Deze raadpleging die de FSMA organiseert, heeft doel de betrokken partijen de gelegenheid te bieden commentaar en suggesties op het ontwerp te geven, en onder andere een antwoord te formuleren op de volgende vragen:

  • Bent u van mening dat dit initiatief, algemeen gezien, de consument van financiële producten en diensten een betere bescherming zal bieden en het vertrouwen in de financiële sector ten goede zal komen?
  • Vindt u de beperking van de hefboomwerking tot [5] als vooropgesteld door het ontwerpreglement toereikend of meent u dat het aangewezen zou zijn om het verbod uit te breiden tot alle otc-derivaten met hefboomwerking?
  • Zou het volgens u aangewezen zijn om het toepassingsgebied van het reglement uit te breiden tot andere categorieën van otc-derivaten (otc-derivaten zonder hefboomwerking en/of op aandelen) rekening houdend met de risico’s die gepaard gaan met het ontbreken van een centrale tegenpartij en het concentratierisico op deze markt, die moeilijk meetbaar zijn door niet-professionele beleggers, of om andere redenen?
  • Zijn er volgens u andere commercialiseringstechnieken dan vermeld in artikel 2 van het ontwerpreglement die eveneens verboden zouden moeten worden?

Uw reacties op het ontwerp van reglement worden uiterlijk 25 januari 2016 schriftelijk ingewacht op het e-mailadres consult1@fsma.be. Zij worden niet individueel bekendgemaakt.



[1] Artikel 30bis van de wet van 2 augustus 2002 betreffende het toezicht op de financiële sector en de financiële diensten laat de FSMA toe om, rekening houdend met de belangen van de afnemers van financiële producten of diensten, bij reglement een verbod of beperkende voorwaarden op te leggen aan de commercialisering of aan bepaalde vormen van commercialisering van financiële producten of bepaalde categorieën van financiële producten aan niet-professionele cliënten. De FSMA kan dergelijke reglementen aannemen op advies van de raad van toezicht en na het advies van de Raad voor het Verbruik te hebben ingewonnen. Zij hebben slechts uitwerking na goedkeuring bij koninklijk besluit en bekendmaking in het Belgisch Staatsblad.

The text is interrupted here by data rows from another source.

(* Fix $\lambda\in[0,1]$. Define $f(\mathbf q,\lambda)$ for vectors $\mathbf q=(q_{i,j}^{(k)})_{i\ne j,\,k=\pm1}$ by $$f_{i,j}^{(k)}(\mathbf q,\lambda)=\lambda\Big(p_{i,j}^{(k)}+\sum_{m\ne i,j}p_{i,m}^{(k)}q_{m,j}^{(k)}+\sum_{m\ne i}p_{i,m}^{(-k)}q_{m,i}^{(-k)}q_{i,j}^{(k)}\Big),$$ and define $\mathbf a_0(\lambda)=f(\mathbf 0,\lambda)$, $\mathbf a_{n+1}(\lambda)=f(\mathbf a_n(\lambda),\lambda)$. Then for every $n\ge0$ and every index $(i,j,k)$, $$(\mathbf a_n(\lambda))_{i,j}^{(k)}\le\sum_{m=0}^{2^{n+1}-1}P_{e_i}\big(T(0,A_{i,j}^{(k)})=m\big)\lambda^m.$$
   Context: Fix an integer $N\ge 3$. Let $\mathcal G_N$ be the groupoid with object set $\{1,\dots,N\}$ generated by arrows $A_{i,j}^{(k)}$, $i\neq j\in\{1,\dots,N\}$, $k\in\{-1,1\}$, with source $i$ and target $j$, subject to the relations $A_{i,j}^{(k)}A_{j,\ell}^{(k)}=A_{i,\ell}^{(k)}$ for all $i,j,\ell$, $k$, with the convention $A_{i,i}^{(k)}:=e_i$ (unit at object $i$). Let $\mathcal A$ be its arrow set. Let $\{W_n\}_{n\ge0}$ be the Markov chain on $\mathcal A$ with $P(W_{n+1}=y\mid W_n=x)=p_{i,j}^{(k)}$ if $x^{-1}y=A_{i,j}^{(k)}$ with $i\ne j$ and $0$ otherwise, where $p_{i,j}^{(k)}\in(0,1)$ and $\sum_{j\ne i}\sum_{k=\pm1}p_{i,j}^{(k)}=1$ for each $i$; $P_x$ denotes the law with $W_0=x$. For $x\in\mathcal A$ let $T(0,x)=\inf\{n\ge0:W_n=W_0x\}$ (possibly $\infty$). *)

From mathcomp Require Import all_boot all_order all_algebra.
Set Implicit Arguments. Unset Strict Implicit. Unset Printing Implicit Defensive.
Import Order.TTheory GRing.Theory Num.Theory.
Local Open Scope ring_scope.

(* Objects {1..N} are encoded as 'I_N; the color k in {-1,1} is encoded as a
   bool: true <-> k = 1, false <-> k = -1 (so -k is ~~ k).

   Arrows of the groupoid G_N with source i are in bijection with reduced
   words: sequences of steps (v_1,k_1),...,(v_r,k_r) with v_1 <> i,
   v_t <> v_(t+1) and k_t <> k_(t+1) (alternating colors); the arrow is
   A_{i,v_1}^{(k_1)} A_{v_1,v_2}^{(k_2)} ... (free product of the two pair
   groupoids of colors +1 and -1).  We store the word reversed (last step
   first).  The identity e_i is the empty word. *)

Section Groupoid.
Variable N : nat.
Definition step_t := ('I_N * bool)%type.

Definition gtarget (i : 'I_N) (w : seq step_t) : 'I_N :=
  match w with [::] => i | (v, _) :: _ => v end.

(* right multiplication x |-> x * A_{t,j}^{(k)} where t = gtarget i w,
   assuming j <> t; uses A_{a,b}^{(k)} A_{b,c}^{(k)} = A_{a,c}^{(k)} and
   A_{a,a}^{(k)} = e_a. *)
Definition gstep (i : 'I_N) (w : seq step_t) (x : step_t) : seq step_t :=
  match w with
  | [::] => [:: x]
  | (v, k') :: w' =>
      if k' == x.2 then
        (if x.1 == gtarget i w' then w' else x :: w')
      else x :: w
  end.

(* the successive positions W_1, ..., W_m of the walk started at the arrow
   (i, w) and performing the generator steps s *)
Fixpoint gtraj (i : 'I_N) (w : seq step_t) (s : seq step_t) : seq (seq step_t) :=
  match s with
  | [::] => [::]
  | x :: s' => let w' := gstep i w x in w' :: gtraj i w' s'
  end.

Variable R : numDomainType.
Variable p : 'I_N -> 'I_N -> bool -> R.

Fixpoint gweight (i : 'I_N) (w : seq step_t) (s : seq step_t) : R :=
  match s with
  | [::] => 1
  | x :: s' =>
      (if x.1 != gtarget i w then p (gtarget i w) x.1 x.2 else 0)
      * gweight i (gstep i w x) s'
  end.

(* P_{e_i}( T(0, A_{i,j}^{(k)}) = m ): sum, over all step sequences of
   length m, of their probability, restricted to those for which the first
   time n >= 0 with W_n = W_0 A_{i,j}^{(k)} = A_{i,j}^{(k)} equals m. *)
Definition hitP (i j : 'I_N) (k : bool) (m : nat) : R :=
  \sum_(s : m.-tuple step_t)
     (if index [:: (j, k)] ([::] :: gtraj i [::] s) == m
      then gweight i [::] s else 0).

Definition fmap (q : 'I_N -> 'I_N -> bool -> R) (lam : R)
    (i j : 'I_N) (k : bool) : R :=
  lam * (p i j k
         + \sum_(m : 'I_N | (m != i) && (m != j)) p i m k * q m j k
         + \sum_(m : 'I_N | m != i) p i m (~~ k) * q m i (~~ k) * q i j k).

Fixpoint aseq (lam : R) (n : nat) : 'I_N -> 'I_N -> bool -> R :=
  match n with
  | 0 => fmap (fun _ _ _ => 0) lam
  | n'.+1 => fmap (aseq lam n') lam
  end.

End Groupoid.

(* First-step analysis of the hitting time.  Write [H_L] for the generating function
   [sum_(m < L) P_{e_i}(T(0, A_{i,j}^{(k)}) = m) lam^m] truncated at degree [L].  A walk from [e_i]
   reaches [A_{i,j}^{(k)}] either at its first step; or after a first step to [A_{i,m}^{(k)}],
   m <> i, j, from where, by left invariance, it is a walk from [e_m] aiming at [A_{m,j}^{(k)}]; or
   after a first step to [A_{i,m}^{(-k)}], and then in particular by first returning to [e_i] (a hit
   of [A_{m,i}^{(-k)}] from [e_m]) and afterwards hitting [A_{i,j}^{(k)}].  The last case produces a
   product of two series truncated at [l + 1], whose terms all have degree at most [2 l].  Hence
   [f(H_(l+1), lam) <= H_(2 l + 2)] coordinatewise, and since [f] is monotone on nonnegative vectors,
   induction gives [a_n <= H_(2^(n+1))]. *)

From mathcomp Require Import all_boot all_order all_algebra.
From mathcomp Require Import ring.
Set Implicit Arguments. Unset Strict Implicit. Unset Printing Implicit Defensive.
Import Order.TTheory GRing.Theory Num.Theory.
Local Open Scope ring_scope.

Section SeqSum.
Variable T : finType.

Fixpoint seqsum (R : nmodType) n (F : seq T -> R) : R :=
  if n is n'.+1 then \sum_(x : T) seqsum n' (fun s => F (x :: s)) else F [::].

Section NModule.
Variable R : nmodType.
Implicit Types F G : seq T -> R.

Lemma sum_tuple_seqsum n F : \sum_(s : n.-tuple T) F s = seqsum n F.
Proof.
elim: n F => [|n IH] F /=.
  rewrite (eq_bigr (fun _ => F [::])) => [|s _]; last by rewrite tuple0.
  by rewrite sumr_const card_tuple expn0.
rewrite (reindex (fun q : T * n.-tuple T => [tuple of q.1 :: q.2])) /=; last first.
  exists (fun t : n.+1.-tuple T => (thead t, [tuple of behead t])).
    by case=> x t _ /=; congr pair; apply: val_inj.
  by move=> t _; rewrite [RHS]tuple_eta.
rewrite -(pair_big predT predT (fun x (t : n.-tuple T) => F (x :: t))) /=.
by apply: eq_bigr => x _; exact: (IH (fun s => F (x :: s))).
Qed.

Lemma eq_seqsum n F G : (forall s, size s = n -> F s = G s) -> seqsum n F = seqsum n G.
Proof.
elim: n F G => [|n IH] F G h /=; first exact: h.
by apply: eq_bigr => x _; apply: IH => s hs; apply: h; rewrite /= hs.
Qed.

Lemma seqsum_sum n I (r : seq I) (F : I -> seq T -> R) :
  seqsum n (fun s => \sum_(a <- r) F a s) = \sum_(a <- r) seqsum n (F a).
Proof.
elim: n F => //= n IH F; rewrite exchange_big /=; apply: eq_bigr => x _.
exact: (IH (fun a s => F a (x :: s))).
Qed.

Lemma seqsum_cat a b F :
  seqsum (a + b) F = seqsum a (fun s1 => seqsum b (fun s2 => F (s1 ++ s2))).
Proof.
elim: a F => //= a IH F; apply: eq_bigr => x _.
exact: (IH (fun s => F (x :: s))).
Qed.

End NModule.

Lemma seqsumZ (R : pzSemiRingType) n c (F : seq T -> R) :
  seqsum n (fun s => c * F s) = c * seqsum n F.
Proof.
elim: n F => //= n IH F; rewrite mulr_sumr; apply: eq_bigr => x _.
exact: (IH (fun s => F (x :: s))).
Qed.

Lemma seqsum_take_drop (R : comPzSemiRingType) (F G : seq T -> R) a n : (a <= n)%N ->
  seqsum n (fun s => F (take a s) * G (drop a s)) = seqsum a F * seqsum (n - a) G.
Proof.
move=> han; rewrite -{1}(subnKC han) seqsum_cat.
transitivity (seqsum a (fun s1 => seqsum (n - a) G * F s1)); last by rewrite seqsumZ mulrC.
apply: eq_seqsum => s1 hs1; rewrite mulrC -seqsumZ; apply: eq_seqsum => s2 _.
by rewrite take_size_cat // drop_size_cat.
Qed.

Section Order.
Variable R : numDomainType.
Implicit Types F G : seq T -> R.

Lemma ler_seqsum n F G : (forall s, size s = n -> F s <= G s) -> seqsum n F <= seqsum n G.
Proof.
elim: n F G => [|n IH] F G h /=; first exact: h.
by apply: ler_sum => x _; apply: IH => s hs; apply: h; rewrite /= hs.
Qed.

[2] Zie de publicaties op de website van de FSMA, met name de waarschuwingen van 29 juni 2011 en van 2 mei 2014

[3] Zie het onlangs gepubliceerde communiqué van de Nederlandse Autoriteit Financiële Markten (AFM) “Meer meldingen van consumenten bij AFM over binaire opties en beleggen buiten toezicht”.

[4] Dit verslag kan worden geraadpleegd op de AMF-website. Er is geen reden om ervan uit te gaan dat het resultaat in België verschillend zou zijn.

[5] In dit verband wordt erop gewezen dat het ontwerpreglement niet geldt voor otc-derivaten die uitsluitend gericht zijn op de dekking van risico’s in het kader van de beroepsactiviteit.